### [What you have to do]
Every line with "Lemma" in it should be copied from the data.
:: Input records
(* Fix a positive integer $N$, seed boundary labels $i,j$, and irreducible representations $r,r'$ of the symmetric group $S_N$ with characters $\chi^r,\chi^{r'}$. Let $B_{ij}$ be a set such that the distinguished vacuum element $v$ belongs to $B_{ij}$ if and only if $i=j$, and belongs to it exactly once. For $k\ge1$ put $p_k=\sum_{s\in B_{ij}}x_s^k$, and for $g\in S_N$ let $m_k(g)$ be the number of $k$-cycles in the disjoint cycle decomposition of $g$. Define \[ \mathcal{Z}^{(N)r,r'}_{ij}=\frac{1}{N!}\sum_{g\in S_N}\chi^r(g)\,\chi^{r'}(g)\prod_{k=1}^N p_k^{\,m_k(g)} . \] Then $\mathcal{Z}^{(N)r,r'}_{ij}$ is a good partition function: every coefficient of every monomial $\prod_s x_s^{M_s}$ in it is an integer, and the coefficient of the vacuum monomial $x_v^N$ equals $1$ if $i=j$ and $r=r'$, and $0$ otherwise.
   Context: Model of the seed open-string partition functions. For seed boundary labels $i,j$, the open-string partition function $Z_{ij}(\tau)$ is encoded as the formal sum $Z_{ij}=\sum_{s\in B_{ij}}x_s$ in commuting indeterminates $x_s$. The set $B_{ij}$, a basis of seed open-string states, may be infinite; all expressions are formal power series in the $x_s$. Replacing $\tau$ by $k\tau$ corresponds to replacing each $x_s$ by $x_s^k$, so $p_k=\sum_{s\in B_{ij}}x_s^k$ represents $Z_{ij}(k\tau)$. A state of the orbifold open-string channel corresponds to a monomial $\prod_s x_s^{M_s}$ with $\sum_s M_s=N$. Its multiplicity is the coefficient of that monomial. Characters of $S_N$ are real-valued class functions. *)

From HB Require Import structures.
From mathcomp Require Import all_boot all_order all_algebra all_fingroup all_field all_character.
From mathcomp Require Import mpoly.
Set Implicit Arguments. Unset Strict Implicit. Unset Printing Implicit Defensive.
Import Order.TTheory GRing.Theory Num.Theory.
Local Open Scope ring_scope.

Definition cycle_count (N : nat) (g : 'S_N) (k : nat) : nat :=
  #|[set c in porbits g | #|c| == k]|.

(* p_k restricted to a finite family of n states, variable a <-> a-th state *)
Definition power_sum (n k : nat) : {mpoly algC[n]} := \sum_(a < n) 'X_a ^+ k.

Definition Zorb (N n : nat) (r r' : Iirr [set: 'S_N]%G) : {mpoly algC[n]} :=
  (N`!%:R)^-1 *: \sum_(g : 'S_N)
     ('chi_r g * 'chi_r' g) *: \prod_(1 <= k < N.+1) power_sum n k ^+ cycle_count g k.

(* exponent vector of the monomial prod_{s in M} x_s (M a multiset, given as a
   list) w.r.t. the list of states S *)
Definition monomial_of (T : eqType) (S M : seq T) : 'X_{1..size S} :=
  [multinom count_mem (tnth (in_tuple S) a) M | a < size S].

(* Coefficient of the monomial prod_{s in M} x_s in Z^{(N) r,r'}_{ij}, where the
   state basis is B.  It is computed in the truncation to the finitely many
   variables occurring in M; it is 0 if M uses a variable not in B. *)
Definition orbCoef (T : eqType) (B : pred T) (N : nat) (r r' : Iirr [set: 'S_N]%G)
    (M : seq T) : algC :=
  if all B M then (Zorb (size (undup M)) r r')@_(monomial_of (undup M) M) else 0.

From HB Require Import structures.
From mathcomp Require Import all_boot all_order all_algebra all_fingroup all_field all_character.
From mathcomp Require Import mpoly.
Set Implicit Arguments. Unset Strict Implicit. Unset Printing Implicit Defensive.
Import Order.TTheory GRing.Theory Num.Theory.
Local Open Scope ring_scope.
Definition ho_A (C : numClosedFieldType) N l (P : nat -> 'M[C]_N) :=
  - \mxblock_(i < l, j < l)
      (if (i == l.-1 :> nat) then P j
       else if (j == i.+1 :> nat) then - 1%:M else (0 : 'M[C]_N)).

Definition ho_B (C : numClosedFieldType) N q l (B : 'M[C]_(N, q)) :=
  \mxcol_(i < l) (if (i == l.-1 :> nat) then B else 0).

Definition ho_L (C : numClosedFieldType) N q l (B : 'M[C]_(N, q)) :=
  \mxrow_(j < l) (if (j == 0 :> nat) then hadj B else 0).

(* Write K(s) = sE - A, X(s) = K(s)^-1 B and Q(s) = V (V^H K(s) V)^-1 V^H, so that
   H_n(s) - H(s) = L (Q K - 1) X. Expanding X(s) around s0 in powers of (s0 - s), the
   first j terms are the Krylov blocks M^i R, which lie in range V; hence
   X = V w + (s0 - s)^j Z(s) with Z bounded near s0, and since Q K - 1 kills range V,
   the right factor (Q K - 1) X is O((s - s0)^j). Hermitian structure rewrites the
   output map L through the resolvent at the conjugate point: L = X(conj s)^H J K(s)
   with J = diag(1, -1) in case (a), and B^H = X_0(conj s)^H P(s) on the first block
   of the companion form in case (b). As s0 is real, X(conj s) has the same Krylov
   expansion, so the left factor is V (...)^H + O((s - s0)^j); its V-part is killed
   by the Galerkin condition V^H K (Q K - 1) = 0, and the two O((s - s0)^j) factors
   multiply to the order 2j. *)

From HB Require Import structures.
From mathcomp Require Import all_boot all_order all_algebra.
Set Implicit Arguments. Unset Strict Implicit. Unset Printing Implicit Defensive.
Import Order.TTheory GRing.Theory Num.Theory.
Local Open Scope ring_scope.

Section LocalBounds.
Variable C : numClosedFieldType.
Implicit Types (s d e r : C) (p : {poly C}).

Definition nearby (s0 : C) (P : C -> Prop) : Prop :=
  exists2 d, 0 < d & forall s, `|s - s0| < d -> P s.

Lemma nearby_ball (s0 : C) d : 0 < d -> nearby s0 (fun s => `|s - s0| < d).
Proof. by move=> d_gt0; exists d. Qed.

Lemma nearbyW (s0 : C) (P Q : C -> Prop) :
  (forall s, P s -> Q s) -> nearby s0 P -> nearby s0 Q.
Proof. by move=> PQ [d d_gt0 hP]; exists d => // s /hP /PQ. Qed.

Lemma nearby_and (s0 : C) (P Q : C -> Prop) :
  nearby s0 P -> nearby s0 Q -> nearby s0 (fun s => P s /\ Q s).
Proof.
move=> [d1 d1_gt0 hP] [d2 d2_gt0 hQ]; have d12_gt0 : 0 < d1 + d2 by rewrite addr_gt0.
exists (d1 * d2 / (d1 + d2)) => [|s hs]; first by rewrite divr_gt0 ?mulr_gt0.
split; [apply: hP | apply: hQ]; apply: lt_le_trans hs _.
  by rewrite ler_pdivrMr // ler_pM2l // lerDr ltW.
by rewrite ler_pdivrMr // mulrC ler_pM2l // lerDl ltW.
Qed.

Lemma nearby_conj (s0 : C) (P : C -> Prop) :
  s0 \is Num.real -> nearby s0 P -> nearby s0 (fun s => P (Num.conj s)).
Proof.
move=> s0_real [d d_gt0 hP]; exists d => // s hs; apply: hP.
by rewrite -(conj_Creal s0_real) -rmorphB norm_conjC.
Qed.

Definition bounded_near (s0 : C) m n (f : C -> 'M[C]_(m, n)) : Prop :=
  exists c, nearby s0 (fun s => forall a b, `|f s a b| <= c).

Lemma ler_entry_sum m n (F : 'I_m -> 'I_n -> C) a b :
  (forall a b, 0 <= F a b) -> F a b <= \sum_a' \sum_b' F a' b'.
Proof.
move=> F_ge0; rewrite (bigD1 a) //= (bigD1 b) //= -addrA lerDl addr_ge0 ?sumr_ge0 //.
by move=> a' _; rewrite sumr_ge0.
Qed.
::::
### [Answer box]
Lemma nearby_ball (s0 : C) d : 0 < d -> nearby s0 (fun s => `|s - s0| < d).
Lemma nearbyW (s0 : C) (P Q : C -> Prop) :
Lemma nearby_and (s0 : C) (P Q : C -> Prop) :
Lemma nearby_conj (s0 : C) (P : C -> Prop) :
Lemma ler_entry_sum m n (F : 'I_m -> 'I_n -> C) a b :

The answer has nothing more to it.